The base is a plywood shelf with some kind of laminate finish top and bottom. I didn't even have to cut it - just countersink the carriage bolts. The 1 x 2 poplar board for the pegs also holds the mat in place with wingnuts and gives a nice straight reference for the Theraband. Also, I can reposition the mat anywhere under the board in case I start hacking up the mat in certain spots. The collars on the ¼" steel pegs are rubber fuel tubing that fit tight and can be used as grips to pull the pegs from the tight-fitting holes.

I wanted a rig that I can use anywhere-maybe while watching TV so I plan to store this in an old laptop bag along with any other supplies that I accumulate.


----------



## Sinnbad11 (Jan 2, 2016)

Looks good!

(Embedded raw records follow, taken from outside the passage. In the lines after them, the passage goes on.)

Definition multilinear (V : lmodType K) (f : seq A -> V) : Prop :=
  forall (u v : seq A) (k : K) (a b : A),
    f (u ++ (k *: a + b) :: v) = k *: f (u ++ a :: v) + f (u ++ b :: v).

Definition evalF (V : lmodType K) (f : seq A -> V) (X : fsum) : V :=
  \sum_(p <- X) p.1 *: f p.2.

Definition teq (X Y : fsum) : Prop :=
  forall (V : lmodType K) (f : seq A -> V), multilinear f -> evalF f X = evalF f Y.

Definition scaleF (k : K) (X : fsum) : fsum := [seq (k * p.1, p.2) | p <- X].
Definition consF (a : A) (X : fsum) : fsum := [seq (p.1, a :: p.2) | p <- X].

Fixpoint lsh (U : seq A) : seq A -> fsum :=
  match U with
  | [::] => fun V => [:: (1, V)]
  | a :: U' =>
      fix lshU (V : seq A) : fsum :=
        match V with
        | [::] => [:: (1, a :: U')]
        | b :: V' =>
            consF a (lsh U' V) ++ consF b (lshU V')
              ++ scaleF (-1) (consF (a * b) (consF 1 (lsh U' V')))
        end
  end.

(* T^+(A) = A (x) T(A): formal combinations of (k, (a, U)) meaning k (a (x) U) *)
Definition tplus := seq (K * (A * seq A)).

Definition toT (X : tplus) : fsum := [seq (p.1, p.2.1 :: p.2.2) | p <- X].

Definition tpeq (X Y : tplus) : Prop := teq (toT X) (toT Y).

Definition tpadd (X Y : tplus) : tplus := X ++ Y.
Definition tpscale (k : K) (X : tplus) : tplus := [seq (k * p.1, p.2) | p <- X].

(* (a (x) U) barbullet (b (x) V) = [a;b] (x) (U bullet^l V), extended bilinearly *)
Definition barmul (X Y : tplus) : tplus :=
  flatten [seq flatten [seq [seq (p.1 * q.1 * r.1, (p.2.1 * q.2.1, r.2))
                             | r <- lsh p.2.2 q.2.2] | q <- Y] | p <- X].

Definition PA (X : tplus) : tplus := [seq (p.1, (1, p.2.1 :: p.2.2)) | p <- X].

(* 1_A = 1_A (x) 1_K as an element of T^+(A) *)
Definition tpone : tplus := [:: (1, (1, [::]))].

Definition tprec (X Y : tplus) : tplus := barmul X (PA Y).
Definition tsucc (X Y : tplus) : tplus := barmul (PA X) Y.
Definition tdot (X Y : tplus) : tplus :=
  tpscale (-1) (barmul (barmul X (PA tpone)) Y).

Definition tdag (dg : A -> A) (X : tplus) : tplus :=
  [seq (p.1, (dg p.2.1, map dg p.2.2)) | p <- X].

End TensorAlgebra.

Definition is_tridendriform (T : Type) (eqv : T -> T -> Prop) (add : T -> T -> T)
  (pr su bu : T -> T -> T) : Prop :=
  let st x y := add (add (pr x y) (su x y)) (bu x y) in
  forall x y z : T,
    eqv (pr (pr x y) z) (pr x (st y z)) /\
    eqv (pr (su x y) z) (su x (pr y z)) /\
    eqv (su (st x y) z) (su x (su y z)) /\
    eqv (bu (su x y) z) (su x (bu y z)) /\
    eqv (bu (pr x y) z) (bu x (su y z)) /\
    eqv (pr (bu x y) z) (bu x (pr y z)) /\
    eqv (bu (bu x y) z) (bu x (bu y z)).

Definition is_commutative_trid (T : Type) (eqv : T -> T -> Prop)
  (pr su bu : T -> T -> T) : Prop :=
  forall x y : T, eqv (pr x y) (su y x) /\ eqv (bu x y) (bu y x).

From HB Require Import structures.
From mathcomp Require Import all_boot all_order all_algebra zify.
Import GRing.Theory.
Local Open Scope ring_scope.
Set Implicit Arguments. Unset Strict Implicit.

(* All the identities hold already in the free K-module on words, i.e.
   after evaluation against an arbitrary (not necessarily multilinear)
   function of words.  Unfolding the three products, each tridendriform axiom
   becomes an instance of three properties of the left-shift shuffle:
   commutativity (A is commutative), associativity, and the fact that a
   leading letter 1_A passes through a shuffle unchanged.  Associativity is
   proved by induction on the total length: the recursion expands both
   (u . v) . w and u . (v . w) into the same seven shorter terms.  Since A is
   commutative, dagger is a unital algebra morphism, so applying it
   letterwise commutes with the shuffle. *)

Arguments lsh : simpl never.
Arguments consF : simpl never.
Arguments scaleF : simpl never.
Arguments evalF : simpl never.

Section ShuffleEvaluation.
Variables (K : fieldType) (A : comAlgType K) (V : lmodType K).
Implicit Types (f g : seq A -> V) (u v w : seq A) (X Y : fsum A).

Lemma evalF_cat f X Y : evalF f (X ++ Y) = evalF f X + evalF f Y.
Proof. by rewrite /evalF big_cat. Qed.

Lemma evalF_seq1 f w : evalF f [:: (1, w)] = f w.
Proof. by rewrite /evalF big_seq1 scale1r. Qed.

Lemma evalF_consF f a X : evalF f (consF a X) = evalF (fun w => f (a :: w)) X.
Proof. by rewrite /evalF /consF big_map. Qed.

Lemma evalF_scaleF f k X : evalF f (scaleF k X) = k *: evalF f X.
Proof.
rewrite /evalF /scaleF big_map scaler_sumr.
by apply: eq_bigr => p _; rewrite scalerA.
Qed.

Lemma eq_evalF f g X : f =1 g -> evalF f X = evalF g X.
Proof. by move=> efg; apply: eq_bigr => p _; rewrite efg. Qed.

Lemma evalFD f g X : evalF (fun w => f w + g w) X = evalF f X + evalF g X.
Proof.
by rewrite /evalF -big_split; apply: eq_bigr => p _; rewrite scalerDr.
Qed.

Lemma evalFN f X : evalF (fun w => - f w) X = - evalF f X.
Proof. by rewrite /evalF -sumrN; apply: eq_bigr => p _; rewrite scalerN. Qed.

Lemma evalFB f g X : evalF (fun w => f w - g w) X = evalF f X - evalF g X.
Proof. by rewrite evalFD evalFN. Qed.

Lemma lsh0l v : lsh [::] v = [:: (1, v)]. Proof. by []. Qed.
Lemma lsh0r u : lsh u [::] = [:: (1, u)]. Proof. by case: u. Qed.

Lemma lsh_cons a u b v : lsh (a :: u) (b :: v) =
  consF a (lsh u (b :: v)) ++ consF b (lsh (a :: u) v)
    ++ scaleF (-1) (consF (a * b) (consF 1 (lsh u v))).
Proof. by []. Qed.

Lemma evalF_lsh_cons f a u b v : evalF f (lsh (a :: u) (b :: v)) =
  evalF (fun w => f (a :: w)) (lsh u (b :: v))
  + evalF (fun w => f (b :: w)) (lsh (a :: u) v)
  - evalF (fun w => f (a * b :: 1 :: w)) (lsh u v).
Proof.
by rewrite lsh_cons !evalF_cat evalF_scaleF !evalF_consF scaleN1r addrA.
Qed.

Lemma evalF_lsh1l f u v :
  evalF f (lsh (1 :: u) v) = evalF (fun w => f (1 :: w)) (lsh u v).
Proof.
elim: v f => [|b v IHv] f; first by rewrite !lsh0r !evalF_seq1.
by rewrite evalF_lsh_cons IHv mul1r addrK.
Qed.

Lemma evalF_lshC f u v : evalF f (lsh u v) = evalF f (lsh v u).
Proof.
elim: u v f => [|a u IHu] v f; first by rewrite lsh0r.
elim: v f => [|b v IHv] f; first by rewrite lsh0r.
by rewrite !evalF_lsh_cons IHu IHv IHu mulrC (addrC (evalF _ (lsh v _))).
Qed.

Lemma evalF_lsh1r f u v :
  evalF f (lsh u (1 :: v)) = evalF (fun w => f (1 :: w)) (lsh u v).
Proof. by rewrite evalF_lshC evalF_lsh1l evalF_lshC. Qed.

Definition eval_lsh_lassoc f u v w :=
  evalF (fun s => evalF f (lsh s w)) (lsh u v).
Definition eval_lsh_rassoc f u v w :=
  evalF (fun t => evalF f (lsh u t)) (lsh v w).

Lemma eval_lsh_lassoc_cons f a u b v c w :
  eval_lsh_lassoc f (a :: u) (b :: v) (c :: w) =
    eval_lsh_lassoc (fun s => f (a :: s)) u (b :: v) (c :: w)
  + eval_lsh_lassoc (fun s => f (c :: s)) (a :: u) (b :: v) w
  - eval_lsh_lassoc (fun s => f (a * c :: 1 :: s)) u (b :: v) w
  + eval_lsh_lassoc (fun s => f (b :: s)) (a :: u) v (c :: w)
  - eval_lsh_lassoc (fun s => f (b * c :: 1 :: s)) (a :: u) v w
  - eval_lsh_lassoc (fun s => f (a * b :: 1 :: s)) u v (c :: w)
  + eval_lsh_lassoc (fun s => f (a * b * c :: 1 :: 1 :: s)) u v w.
Proof.
rewrite {1}/eval_lsh_lassoc evalF_lsh_cons.
under eq_evalF => s do rewrite evalF_lsh_cons.
under [in X in _ + X - _]eq_evalF => s do rewrite evalF_lsh_cons.
under [in X in _ - X]eq_evalF => s do rewrite evalF_lsh_cons !evalF_lsh1l.
rewrite !evalFB !evalFD /eval_lsh_lassoc [in RHS]evalF_lsh_cons.
rewrite !opprD !opprK !addrA.
by rewrite [LHS](ACl (1*2*5*8*3*4*6*7*9)).
Qed.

It's very similar to my band tying set up. I just need to get longer bolts for mine, I find there is not enough room to get my fat fingers underneath the bands when I'm tying. Anyhow, I hope it works well for you. Happy slinging!


----------



## Sinnbad11 (Jan 2, 2016)

Ignore this my internet is acting up.


----------



## Chuck Daehler (Mar 17, 2015)

That's pretty slick! It wouldn't occupy much space when broken down either and of course the clamps are a common shop tool anyway...double usage in this case. But I just use a vise and hand pull the bands to tie them, using needle nose pliers for the wrap and tuck.


----------